Lemma size_repeated_values_cons x r :
  size (repeated_values (x :: r)) = (size (repeated_values r) + (count_mem x r == 1))%N.
Proof.
rewrite /repeated_values !size_filter /=.
have countE y : y != x -> (1 < (x == y) + count_mem y r)%N = (1 < count_mem y r)%N.
  by rewrite eq_sym => /negbTE ->.
have [x_r|x_notin_r] := boolP (x \in r).
  have x_undup : x \in undup r by rewrite mem_undup.
  have remE (a : pred nat) : count a (undup r) = (a x + count a (rem x (undup r)))%N.
    by rewrite (permP (perm_to_rem x_undup)).
  rewrite !remE /= eqxx add1n ltnS.
  rewrite (@eq_in_count _ _ (fun y => 1 < count_mem y r)%N (rem x (undup r))) => [|y]; last first.
    by rewrite mem_rem_uniq ?undup_uniq // => /andP[/= /countE].
  have : (0 < count_mem x r)%N by rewrite -has_count has_pred1.
  by case: (count_mem x r) => [|[|c]] //= _; rewrite ?add0n ?addn1 ?addn0.
rewrite /= eqxx (count_memPn x_notin_r) /= addn0; apply: eq_in_count => y y_r.
by apply: countE; apply: contraNneq x_notin_r => <-; rewrite -mem_undup.
Qed.

Lemma partition_count_head x r : is_partition (x :: r) ->
  (count_mem x r == 1) = (x == head 0 r) && (head 0 r != head 0 (behead r)).
Proof.
move=> part_xr; have := partition_mem_head part_xr.
case: r part_xr => [|y t] part_xr /=; first by rewrite andbF.
have [eq_xy _|_ mem_x] := eqVneq x y.
  subst y; have part_xt : is_partition (x :: t).
    by move: part_xr; rewrite is_partition_cons => /and3P[_ _ ->].
  by rewrite add1n eqSS eqn0Ngt -has_count has_pred1 (partition_mem_head part_xt).
rewrite add0n (count_memPn _) //.
by apply: contraFN mem_x => x_t; rewrite in_cons x_t orbT.
Qed.

Lemma repeated_values_head x r : is_partition (x :: r) ->
  x == head 0 r -> head 0 r == head 0 (behead r) -> (0 < size (repeated_values r))%N.
Proof.
case: r => [|y [|z t]]; rewrite !is_partition_cons /=; [by case: x| |].
  by case/and4P=> _ _ y_gt0 _ _ /eqP y0; rewrite y0 in y_gt0.
move=> _ _ /eqP<-; have : y \in repeated_values [:: y, y & t].
  by rewrite mem_filter mem_undup mem_head /= eqxx.
by case: repeated_values.
Qed.

Definition repeat_class (s : seq nat) : int * int * int * int * int :=
  if s is x :: r then
    one_value_class (size (repeated_values r)) (x != head 0 r) (head 0 r == head 0 (behead r))
  else 0.

Lemma repeat_class_step x r : is_partition (x :: r) ->
  repeat_class (incr_head (x :: r)) + repeat_class (dup_head (x :: r))
  = one_value_step (repeat_class (x :: r)).
Proof.
move=> part_xr; rewrite [LHS]/= (partition_incr_head_neq part_xr) eqxx -[~~ false]/true.
rewrite -[~~ true]/false size_repeated_values_cons (partition_count_head part_xr).
rewrite -[x == head 0 r]negbK; apply: one_value_class_step_reset; rewrite negbK => /andP[].
exact: repeated_values_head.
Qed.

Lemma one_repeated_value_class s : s != [::] -> is_partition s ->
  (one_repeated_value s : nat)%:Z = one_value_total (repeat_class s).
Proof.
case: s => [|x r] // _ part_xr; rewrite /repeat_class one_value_total_class.
  by rewrite negbK -(partition_count_head part_xr) -size_repeated_values_cons.
by rewrite negbK => /andP[]; apply: repeated_values_head.
Qed.

Lemma g_iter M : (g M.+1)%:Z = (iter M odd_step (1, 0, 1, 0)).1.2.
Proof.
have odd_stepE x r : is_partition (x :: r) -> _ := fun=> odd_class_step x r.
rewrite /g sumn_parts_perim -(perim_sum_iter erefl odd_stepD odd_stepE).
by rewrite -(@perim_sum_morph _ _ (fun v : int * int * int * int => v.1.2)).
Qed.

Lemma h_iter M : (h M.+1)%:Z = (iter M distinct_step (1, 0, 1, 0)).1.2.
Proof.
rewrite /h sumn_parts_perim -(perim_sum_iter erefl distinct_stepD distinct_class_step).
by rewrite -(@perim_sum_morph _ _ (fun v : int * int * int * int => v.1.2)).
Qed.

Lemma perim_sum_one_value_total (P : seq nat -> bool) cls M :
  (forall s, s != [::] -> is_partition s -> (P s : nat)%:Z = one_value_total (cls s)) ->
  (size (parts_perim P M))%:Z = one_value_total (perim_sum cls M).
Proof.
move=> clsE; rewrite size_parts_perim -perim_sum_morph //; last exact: one_value_totalD.
by apply: eq_big_seq => s; rewrite mem_perim_parts => /and3P[part_s s_nil _]; apply: clsE.
Qed.

Lemma g1_iter M : (g1 M.+1)%:Z = one_value_total (iter M one_value_step (1, 0, 0, 0, 0)).
Proof.
rewrite /g1 (perim_sum_one_value_total _ one_even_value_class).
by rewrite (perim_sum_iter erefl one_value_stepD even_class_step).
Qed.

Lemma h1_iter M : (h1 M.+1)%:Z = one_value_total (iter M one_value_step (1, 0, 0, 0, 0)).
Proof.
rewrite /h1 (perim_sum_one_value_total _ one_repeated_value_class).
by rewrite (perim_sum_iter erefl one_value_stepD repeat_class_step).
Qed.

Definition den_rec (a : nat -> int) : Prop :=
  forall n, a n.+4 = 2 * a n.+3 + a n.+2 - 2 * a n.+1 - a n.

Lemma coef_den j : ((1 - 'X - 'X^2) ^+ 2 : {poly int})`_j =
  match j with 0 => 1 | 1 => -2 | 2 => -1 | 3 => 2 | 4 => 1 | _ => 0 end.
Proof.
have -> : (1 - 'X - 'X^2) ^+ 2 = 1 - 'X *+ 2 - 'X^2 + 'X^3 *+ 2 + 'X^4 :> {poly int} by ring.
rewrite !(coefD, coefN, coefMn, coefXn, coefX, coef1).
by case: j => [|[|[|[|[|j]]]]].
Qed.

Lemma gf_eq_den_rec (a : nat -> int) :
  a 0 = 0 -> a 1 = 0 -> a 2 = 1 -> a 3 = 1 -> den_rec a ->
  gf_eq a ('X^2 - 'X^3) ((1 - 'X - 'X^2) ^+ 2).
Proof.
move=> a0 a1 a2 a3 rec_a n; rewrite coefB !coefXn.
under eq_bigr do rewrite coef_den.
case: n => [|[|[|[|n]]]]; try by rewrite !big_ord_recr big_ord0 /= ?a0 ?a1 ?a2 ?a3; lia.
rewrite !big_ord_recr /= big1 => [|i _]; last first.
  have : (4 < n.+4 - i)%N by have := ltn_ord i; lia.
  by case: (n.+4 - i)%N => [|[|[|[|[|?]]]]] //; rewrite mulr0.
have -> : (n.+4 - n = 4)%N by lia.
have -> : (n.+4 - n.+1 = 3)%N by lia.
have -> : (n.+4 - n.+2 = 2)%N by lia.
have -> : (n.+4 - n.+3 = 1)%N by lia.
rewrite subnn /= rec_a; lia.
Qed.

Lemma odd_step_rec v : den_rec (fun k => (iter k odd_step v).1.2).
Proof. by move=> n; rewrite !iterS; case: (iter n odd_step v) => [[[? ?] ?] ?] /=; lia. Qed.

Lemma distinct_step_rec v : den_rec (fun k => (iter k distinct_step v).1.2).
Proof. by move=> n; rewrite !iterS; case: (iter n distinct_step v) => [[[? ?] ?] ?] /=; lia. Qed.

Lemma one_value_step_rec v : den_rec (fun k =>
  one_value_total (iter k.+1 one_value_step v) - one_value_total (iter k one_value_step v)).
Proof.
by move=> n; rewrite !iterS; case: (iter n one_value_step v) => [[[[? ?] ?] ?] ?] /=; lia.
Qed.

Lemma gf_eq_diff_one_value (f : nat -> nat) : f 0 = 0%N ->
  (forall M, (f M.+1)%:Z = one_value_total (iter M one_value_step (1, 0, 0, 0, 0))) ->
  gf_eq (diff_seq f) ('X^2 - 'X^3) ((1 - 'X - 'X^2) ^+ 2).
Proof.
move=> f0 fE; apply: gf_eq_den_rec; rewrite /diff_seq /= ?f0 ?fE //.
case=> [|[|n]]; rewrite /diff_seq /= ?f0 !fE //.
exact: one_value_step_rec.
Qed.

Lemma gf_eq_g_sub_h :
  gf_eq (fun M => if M is 0 then 0 else (g M)%:Z - (h M)%:Z) ('X^2 - 'X^3) ((1 - 'X - 'X^2) ^+ 2).
Proof.
apply: gf_eq_den_rec; rewrite /= ?g_iter ?h_iter //.
case=> [|n]; rewrite /= !g_iter !h_iter //.
by have := odd_step_rec (1, 0, 1, 0) n; have := distinct_step_rec (1, 0, 1, 0) n; lia.
Qed.

Theorem mainTheorem4 :
  let num : {poly int} := ('X^2 - 'X^3)%R in
  let den : {poly int} := ((1 - 'X - 'X^2) ^+ 2)%R in
  g1 0 = 0%N /\ h1 0 = 0%N /\
  gf_eq (diff_seq g1) num den /\
  gf_eq (diff_seq h1) num den /\
  gf_eq (fun M => if M is 0 then 0%R else ((g M)%:Z - (h M)%:Z)%R) num den.
Proof.
have g1_0 : g1 0 = 0%N by rewrite /g1 (perm_size (perm_parts_perim _ 0)).
have h1_0 : h1 0 = 0%N by rewrite /h1 (perm_size (perm_parts_perim _ 0)).
split=> //; split=> //; split; first exact: gf_eq_diff_one_value g1_0 g1_iter.
by split; [exact: gf_eq_diff_one_value h1_0 h1_iter | exact: gf_eq_g_sub_h].
Qed.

--- Directions for this task ---
Wherever the line holding "have remE (a" falls in the entries above, copy exactly from it through the line holding "move=> part_xr; rewrite", inclusive, and add nothing.

--- Response below ---
  have remE (a : pred nat) : count a (undup r) = (a x + count a (rem x (undup r)))%N.
    by rewrite (permP (perm_to_rem x_undup)).
  rewrite !remE /= eqxx add1n ltnS.
  rewrite (@eq_in_count _ _ (fun y => 1 < count_mem y r)%N (rem x (undup r))) => [|y]; last first.
    by rewrite mem_rem_uniq ?undup_uniq // => /andP[/= /countE].
  have : (0 < count_mem x r)%N by rewrite -has_count has_pred1.
  by case: (count_mem x r) => [|[|c]] //= _; rewrite ?add0n ?addn1 ?addn0.
rewrite /= eqxx (count_memPn x_notin_r) /= addn0; apply: eq_in_count => y y_r.
by apply: countE; apply: contraNneq x_notin_r => <-; rewrite -mem_undup.
Qed.

Lemma partition_count_head x r : is_partition (x :: r) ->
  (count_mem x r == 1) = (x == head 0 r) && (head 0 r != head 0 (behead r)).
Proof.
move=> part_xr; have := partition_mem_head part_xr.
case: r part_xr => [|y t] part_xr /=; first by rewrite andbF.
have [eq_xy _|_ mem_x] := eqVneq x y.
  subst y; have part_xt : is_partition (x :: t).
    by move: part_xr; rewrite is_partition_cons => /and3P[_ _ ->].
  by rewrite add1n eqSS eqn0Ngt -has_count has_pred1 (partition_mem_head part_xt).
rewrite add0n (count_memPn _) //.
by apply: contraFN mem_x => x_t; rewrite in_cons x_t orbT.
Qed.

Lemma repeated_values_head x r : is_partition (x :: r) ->
  x == head 0 r -> head 0 r == head 0 (behead r) -> (0 < size (repeated_values r))%N.
Proof.
case: r => [|y [|z t]]; rewrite !is_partition_cons /=; [by case: x| |].
  by case/and4P=> _ _ y_gt0 _ _ /eqP y0; rewrite y0 in y_gt0.
move=> _ _ /eqP<-; have : y \in repeated_values [:: y, y & t].
  by rewrite mem_filter mem_undup mem_head /= eqxx.
by case: repeated_values.
Qed.

Definition repeat_class (s : seq nat) : int * int * int * int * int :=
  if s is x :: r then
    one_value_class (size (repeated_values r)) (x != head 0 r) (head 0 r == head 0 (behead r))
  else 0.

Lemma repeat_class_step x r : is_partition (x :: r) ->
  repeat_class (incr_head (x :: r)) + repeat_class (dup_head (x :: r))
  = one_value_step (repeat_class (x :: r)).
Proof.
move=> part_xr; rewrite [LHS]/= (partition_incr_head_neq part_xr) eqxx -[~~ false]/true.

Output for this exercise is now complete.